WHAT TO PRODUCE: Of all the lines in the entries below, give again exactly those starting at the line containing "Q / iota(M) is torsion *)" and ending at the line containing "(forall xi : Q, torsionMod", both ends included, and no others.

/---

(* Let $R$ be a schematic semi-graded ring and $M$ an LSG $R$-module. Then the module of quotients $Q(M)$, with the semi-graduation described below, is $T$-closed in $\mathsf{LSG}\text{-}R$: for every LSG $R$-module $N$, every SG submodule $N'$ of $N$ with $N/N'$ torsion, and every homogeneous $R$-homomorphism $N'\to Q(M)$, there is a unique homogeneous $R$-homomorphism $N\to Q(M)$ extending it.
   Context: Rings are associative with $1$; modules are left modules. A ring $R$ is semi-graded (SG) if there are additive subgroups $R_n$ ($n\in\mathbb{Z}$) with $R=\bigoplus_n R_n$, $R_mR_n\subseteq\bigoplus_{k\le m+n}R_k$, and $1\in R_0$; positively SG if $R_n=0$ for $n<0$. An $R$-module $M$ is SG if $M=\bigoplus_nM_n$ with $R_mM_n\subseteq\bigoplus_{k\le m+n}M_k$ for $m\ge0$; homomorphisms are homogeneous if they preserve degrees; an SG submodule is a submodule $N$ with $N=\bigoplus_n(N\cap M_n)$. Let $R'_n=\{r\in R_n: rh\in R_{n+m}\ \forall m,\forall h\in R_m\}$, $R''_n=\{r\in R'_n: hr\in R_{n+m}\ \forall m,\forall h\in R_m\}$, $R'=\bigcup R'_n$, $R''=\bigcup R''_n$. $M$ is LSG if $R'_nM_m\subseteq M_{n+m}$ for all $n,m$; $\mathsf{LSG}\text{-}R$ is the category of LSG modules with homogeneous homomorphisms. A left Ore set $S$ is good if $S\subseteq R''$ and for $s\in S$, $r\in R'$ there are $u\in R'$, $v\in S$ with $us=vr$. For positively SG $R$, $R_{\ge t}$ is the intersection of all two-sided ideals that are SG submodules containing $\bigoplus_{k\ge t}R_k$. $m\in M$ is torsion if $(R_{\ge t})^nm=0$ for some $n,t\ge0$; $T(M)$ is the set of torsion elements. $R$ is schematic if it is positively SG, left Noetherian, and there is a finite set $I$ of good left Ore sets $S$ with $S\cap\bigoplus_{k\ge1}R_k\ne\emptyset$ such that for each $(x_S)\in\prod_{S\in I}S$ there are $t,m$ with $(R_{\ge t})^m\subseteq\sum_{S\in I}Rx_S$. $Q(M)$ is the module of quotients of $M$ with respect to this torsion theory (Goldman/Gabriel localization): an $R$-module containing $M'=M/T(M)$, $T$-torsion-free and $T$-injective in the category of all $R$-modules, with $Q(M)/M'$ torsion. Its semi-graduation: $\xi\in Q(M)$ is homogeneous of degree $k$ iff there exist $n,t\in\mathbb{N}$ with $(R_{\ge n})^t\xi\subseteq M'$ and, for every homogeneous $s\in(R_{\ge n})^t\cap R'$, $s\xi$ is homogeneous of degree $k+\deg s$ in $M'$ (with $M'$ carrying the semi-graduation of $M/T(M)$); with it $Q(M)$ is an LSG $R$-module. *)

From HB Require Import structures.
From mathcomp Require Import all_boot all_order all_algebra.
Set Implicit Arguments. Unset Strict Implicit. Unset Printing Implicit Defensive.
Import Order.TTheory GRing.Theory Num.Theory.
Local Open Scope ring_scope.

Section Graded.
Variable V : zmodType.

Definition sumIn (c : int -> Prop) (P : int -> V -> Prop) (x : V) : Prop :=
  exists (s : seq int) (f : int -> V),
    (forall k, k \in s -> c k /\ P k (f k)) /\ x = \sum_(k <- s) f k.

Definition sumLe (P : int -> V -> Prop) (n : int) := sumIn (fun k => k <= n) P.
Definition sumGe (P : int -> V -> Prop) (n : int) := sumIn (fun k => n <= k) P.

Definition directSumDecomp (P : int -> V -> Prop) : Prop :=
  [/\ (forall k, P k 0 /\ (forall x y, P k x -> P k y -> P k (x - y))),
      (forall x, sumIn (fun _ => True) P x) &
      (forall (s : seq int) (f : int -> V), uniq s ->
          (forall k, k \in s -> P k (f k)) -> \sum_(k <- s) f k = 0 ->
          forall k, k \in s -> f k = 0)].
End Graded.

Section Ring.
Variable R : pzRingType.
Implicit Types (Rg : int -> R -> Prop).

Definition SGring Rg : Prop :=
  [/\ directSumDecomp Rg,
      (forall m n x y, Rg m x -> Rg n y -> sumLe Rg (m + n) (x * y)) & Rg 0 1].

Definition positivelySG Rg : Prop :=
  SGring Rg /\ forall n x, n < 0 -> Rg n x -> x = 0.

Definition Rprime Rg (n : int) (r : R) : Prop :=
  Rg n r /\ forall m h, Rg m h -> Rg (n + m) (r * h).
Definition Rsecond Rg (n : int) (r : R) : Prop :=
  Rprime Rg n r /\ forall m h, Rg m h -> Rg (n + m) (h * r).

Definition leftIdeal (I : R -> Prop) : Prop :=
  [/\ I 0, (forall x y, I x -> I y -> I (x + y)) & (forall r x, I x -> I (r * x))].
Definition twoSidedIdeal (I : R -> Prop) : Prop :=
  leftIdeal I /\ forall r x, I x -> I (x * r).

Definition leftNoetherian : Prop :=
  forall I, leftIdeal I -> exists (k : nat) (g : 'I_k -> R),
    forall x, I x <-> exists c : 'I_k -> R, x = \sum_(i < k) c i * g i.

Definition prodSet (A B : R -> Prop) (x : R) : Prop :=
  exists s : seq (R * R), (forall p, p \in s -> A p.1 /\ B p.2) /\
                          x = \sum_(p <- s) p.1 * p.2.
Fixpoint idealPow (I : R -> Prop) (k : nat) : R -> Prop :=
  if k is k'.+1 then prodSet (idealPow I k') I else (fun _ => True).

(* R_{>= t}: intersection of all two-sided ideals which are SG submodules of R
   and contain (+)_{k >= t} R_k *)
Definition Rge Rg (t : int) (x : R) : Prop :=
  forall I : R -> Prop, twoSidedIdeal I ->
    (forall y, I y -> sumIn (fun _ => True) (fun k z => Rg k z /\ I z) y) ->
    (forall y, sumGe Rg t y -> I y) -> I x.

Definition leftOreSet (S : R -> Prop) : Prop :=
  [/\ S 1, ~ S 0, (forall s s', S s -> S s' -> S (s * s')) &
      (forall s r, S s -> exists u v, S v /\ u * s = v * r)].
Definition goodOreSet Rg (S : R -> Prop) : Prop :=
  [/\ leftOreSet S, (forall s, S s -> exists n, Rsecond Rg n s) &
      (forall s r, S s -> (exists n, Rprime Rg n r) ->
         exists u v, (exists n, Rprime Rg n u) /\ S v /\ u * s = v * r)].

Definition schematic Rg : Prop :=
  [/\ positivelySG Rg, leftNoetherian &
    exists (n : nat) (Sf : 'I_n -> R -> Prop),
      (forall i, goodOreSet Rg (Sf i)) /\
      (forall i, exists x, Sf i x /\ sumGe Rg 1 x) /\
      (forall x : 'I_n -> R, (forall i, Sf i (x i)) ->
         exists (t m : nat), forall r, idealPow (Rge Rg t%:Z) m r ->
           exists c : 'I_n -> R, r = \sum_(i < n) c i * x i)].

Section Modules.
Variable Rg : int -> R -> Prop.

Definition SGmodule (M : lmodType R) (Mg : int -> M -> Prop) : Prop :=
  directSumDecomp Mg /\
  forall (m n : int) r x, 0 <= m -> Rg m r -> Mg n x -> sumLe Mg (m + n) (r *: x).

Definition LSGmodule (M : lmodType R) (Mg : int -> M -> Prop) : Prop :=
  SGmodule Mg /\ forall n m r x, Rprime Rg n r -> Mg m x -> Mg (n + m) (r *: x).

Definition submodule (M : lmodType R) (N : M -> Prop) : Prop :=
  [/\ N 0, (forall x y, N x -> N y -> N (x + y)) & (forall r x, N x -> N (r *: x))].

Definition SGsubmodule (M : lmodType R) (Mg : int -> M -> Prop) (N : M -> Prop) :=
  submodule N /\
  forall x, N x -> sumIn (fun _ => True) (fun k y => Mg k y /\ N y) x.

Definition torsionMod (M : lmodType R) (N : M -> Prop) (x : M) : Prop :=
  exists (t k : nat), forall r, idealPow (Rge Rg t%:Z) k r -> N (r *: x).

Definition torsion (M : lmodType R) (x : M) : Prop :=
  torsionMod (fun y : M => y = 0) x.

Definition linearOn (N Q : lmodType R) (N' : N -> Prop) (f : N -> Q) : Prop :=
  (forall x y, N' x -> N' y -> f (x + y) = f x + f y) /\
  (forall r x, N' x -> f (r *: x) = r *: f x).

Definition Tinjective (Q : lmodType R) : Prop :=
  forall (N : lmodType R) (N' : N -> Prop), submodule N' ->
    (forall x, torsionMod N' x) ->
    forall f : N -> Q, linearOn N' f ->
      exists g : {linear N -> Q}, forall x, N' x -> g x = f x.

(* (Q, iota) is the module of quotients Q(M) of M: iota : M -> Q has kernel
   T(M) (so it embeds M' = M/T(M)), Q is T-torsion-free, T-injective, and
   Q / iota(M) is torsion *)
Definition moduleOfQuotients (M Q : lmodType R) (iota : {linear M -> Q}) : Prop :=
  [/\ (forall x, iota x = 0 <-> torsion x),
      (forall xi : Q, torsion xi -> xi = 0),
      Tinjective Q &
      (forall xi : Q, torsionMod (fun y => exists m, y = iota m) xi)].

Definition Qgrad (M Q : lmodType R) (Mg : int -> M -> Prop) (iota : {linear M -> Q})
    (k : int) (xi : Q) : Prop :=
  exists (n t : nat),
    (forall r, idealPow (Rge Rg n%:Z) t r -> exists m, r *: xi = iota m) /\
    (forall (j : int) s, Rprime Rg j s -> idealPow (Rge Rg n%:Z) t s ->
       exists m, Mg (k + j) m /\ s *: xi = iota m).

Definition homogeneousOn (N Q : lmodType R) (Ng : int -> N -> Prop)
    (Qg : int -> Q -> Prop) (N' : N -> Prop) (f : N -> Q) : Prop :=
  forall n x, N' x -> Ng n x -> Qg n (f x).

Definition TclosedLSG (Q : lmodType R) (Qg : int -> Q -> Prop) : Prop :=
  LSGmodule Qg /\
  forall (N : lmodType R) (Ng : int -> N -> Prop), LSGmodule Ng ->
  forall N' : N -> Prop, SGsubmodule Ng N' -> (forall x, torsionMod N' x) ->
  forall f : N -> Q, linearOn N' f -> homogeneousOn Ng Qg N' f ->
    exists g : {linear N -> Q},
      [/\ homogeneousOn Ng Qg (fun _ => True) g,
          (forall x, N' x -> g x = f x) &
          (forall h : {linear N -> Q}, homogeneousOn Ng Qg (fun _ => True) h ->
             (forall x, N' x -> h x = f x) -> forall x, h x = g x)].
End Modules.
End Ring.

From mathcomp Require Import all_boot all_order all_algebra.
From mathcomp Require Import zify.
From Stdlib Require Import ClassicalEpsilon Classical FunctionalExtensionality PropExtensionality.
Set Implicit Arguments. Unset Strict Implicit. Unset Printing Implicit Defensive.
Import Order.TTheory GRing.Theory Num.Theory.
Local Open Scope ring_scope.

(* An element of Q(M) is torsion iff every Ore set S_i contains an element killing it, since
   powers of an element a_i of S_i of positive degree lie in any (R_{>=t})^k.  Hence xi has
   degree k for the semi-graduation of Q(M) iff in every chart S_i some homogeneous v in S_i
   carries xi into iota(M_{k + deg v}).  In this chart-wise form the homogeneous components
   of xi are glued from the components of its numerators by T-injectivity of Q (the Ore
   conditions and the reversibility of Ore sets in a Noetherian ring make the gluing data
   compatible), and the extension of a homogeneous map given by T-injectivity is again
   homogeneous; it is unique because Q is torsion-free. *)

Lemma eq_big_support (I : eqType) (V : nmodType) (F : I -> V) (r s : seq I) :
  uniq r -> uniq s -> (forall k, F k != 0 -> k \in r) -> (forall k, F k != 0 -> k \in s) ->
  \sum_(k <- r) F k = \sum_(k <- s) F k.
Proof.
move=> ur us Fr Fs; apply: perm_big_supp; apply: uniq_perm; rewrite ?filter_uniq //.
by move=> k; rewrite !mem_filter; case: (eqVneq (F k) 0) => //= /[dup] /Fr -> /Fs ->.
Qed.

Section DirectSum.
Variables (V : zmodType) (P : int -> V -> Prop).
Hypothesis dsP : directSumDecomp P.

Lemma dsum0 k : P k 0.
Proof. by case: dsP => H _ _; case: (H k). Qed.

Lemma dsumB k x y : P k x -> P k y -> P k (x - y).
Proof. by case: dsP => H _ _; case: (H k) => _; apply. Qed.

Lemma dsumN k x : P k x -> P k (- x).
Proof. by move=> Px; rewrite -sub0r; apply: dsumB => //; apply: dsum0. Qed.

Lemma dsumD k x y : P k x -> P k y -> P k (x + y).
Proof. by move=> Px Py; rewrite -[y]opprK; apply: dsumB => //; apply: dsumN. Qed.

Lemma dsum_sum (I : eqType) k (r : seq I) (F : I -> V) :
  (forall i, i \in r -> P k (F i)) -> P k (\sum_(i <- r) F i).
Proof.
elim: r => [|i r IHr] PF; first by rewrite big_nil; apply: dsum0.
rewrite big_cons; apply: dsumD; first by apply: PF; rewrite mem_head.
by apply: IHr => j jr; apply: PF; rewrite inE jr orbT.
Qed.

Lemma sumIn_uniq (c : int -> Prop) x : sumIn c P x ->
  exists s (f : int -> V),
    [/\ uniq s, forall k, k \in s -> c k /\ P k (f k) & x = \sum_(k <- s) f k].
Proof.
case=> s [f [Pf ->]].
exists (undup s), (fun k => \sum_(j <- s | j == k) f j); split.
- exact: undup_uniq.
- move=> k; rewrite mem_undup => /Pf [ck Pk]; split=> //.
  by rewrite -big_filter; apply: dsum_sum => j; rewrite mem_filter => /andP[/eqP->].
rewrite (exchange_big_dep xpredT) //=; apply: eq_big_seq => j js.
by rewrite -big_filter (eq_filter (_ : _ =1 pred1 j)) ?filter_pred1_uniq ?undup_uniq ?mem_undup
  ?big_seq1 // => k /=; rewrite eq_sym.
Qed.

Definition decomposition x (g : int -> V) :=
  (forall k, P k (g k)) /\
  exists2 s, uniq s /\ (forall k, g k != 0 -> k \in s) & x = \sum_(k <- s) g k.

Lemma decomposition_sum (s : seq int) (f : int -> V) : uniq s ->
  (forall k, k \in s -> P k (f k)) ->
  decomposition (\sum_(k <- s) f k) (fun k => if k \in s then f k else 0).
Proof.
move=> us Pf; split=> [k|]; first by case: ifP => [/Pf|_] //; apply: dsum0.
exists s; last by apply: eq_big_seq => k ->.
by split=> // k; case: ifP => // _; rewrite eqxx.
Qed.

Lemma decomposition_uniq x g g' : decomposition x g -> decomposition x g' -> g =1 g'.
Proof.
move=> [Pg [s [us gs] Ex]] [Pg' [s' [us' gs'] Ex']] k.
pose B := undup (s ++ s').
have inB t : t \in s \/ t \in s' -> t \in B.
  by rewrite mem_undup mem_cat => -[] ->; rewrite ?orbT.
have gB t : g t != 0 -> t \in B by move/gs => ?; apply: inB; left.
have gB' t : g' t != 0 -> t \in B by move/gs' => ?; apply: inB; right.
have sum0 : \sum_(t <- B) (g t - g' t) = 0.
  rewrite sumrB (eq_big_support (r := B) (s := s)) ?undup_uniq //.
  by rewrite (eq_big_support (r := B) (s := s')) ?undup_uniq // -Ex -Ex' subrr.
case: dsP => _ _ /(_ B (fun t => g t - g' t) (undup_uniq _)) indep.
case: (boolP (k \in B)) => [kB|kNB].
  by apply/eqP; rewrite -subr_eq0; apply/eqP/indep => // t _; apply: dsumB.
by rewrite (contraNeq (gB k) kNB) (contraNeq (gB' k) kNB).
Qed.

\---

RESPONSE FOR THIS EXERCISE:
   Q / iota(M) is torsion *)
Definition moduleOfQuotients (M Q : lmodType R) (iota : {linear M -> Q}) : Prop :=
  [/\ (forall x, iota x = 0 <-> torsion x),
      (forall xi : Q, torsion xi -> xi = 0),
      Tinjective Q &
      (forall xi : Q, torsionMod (fun y => exists m, y = iota m) xi)].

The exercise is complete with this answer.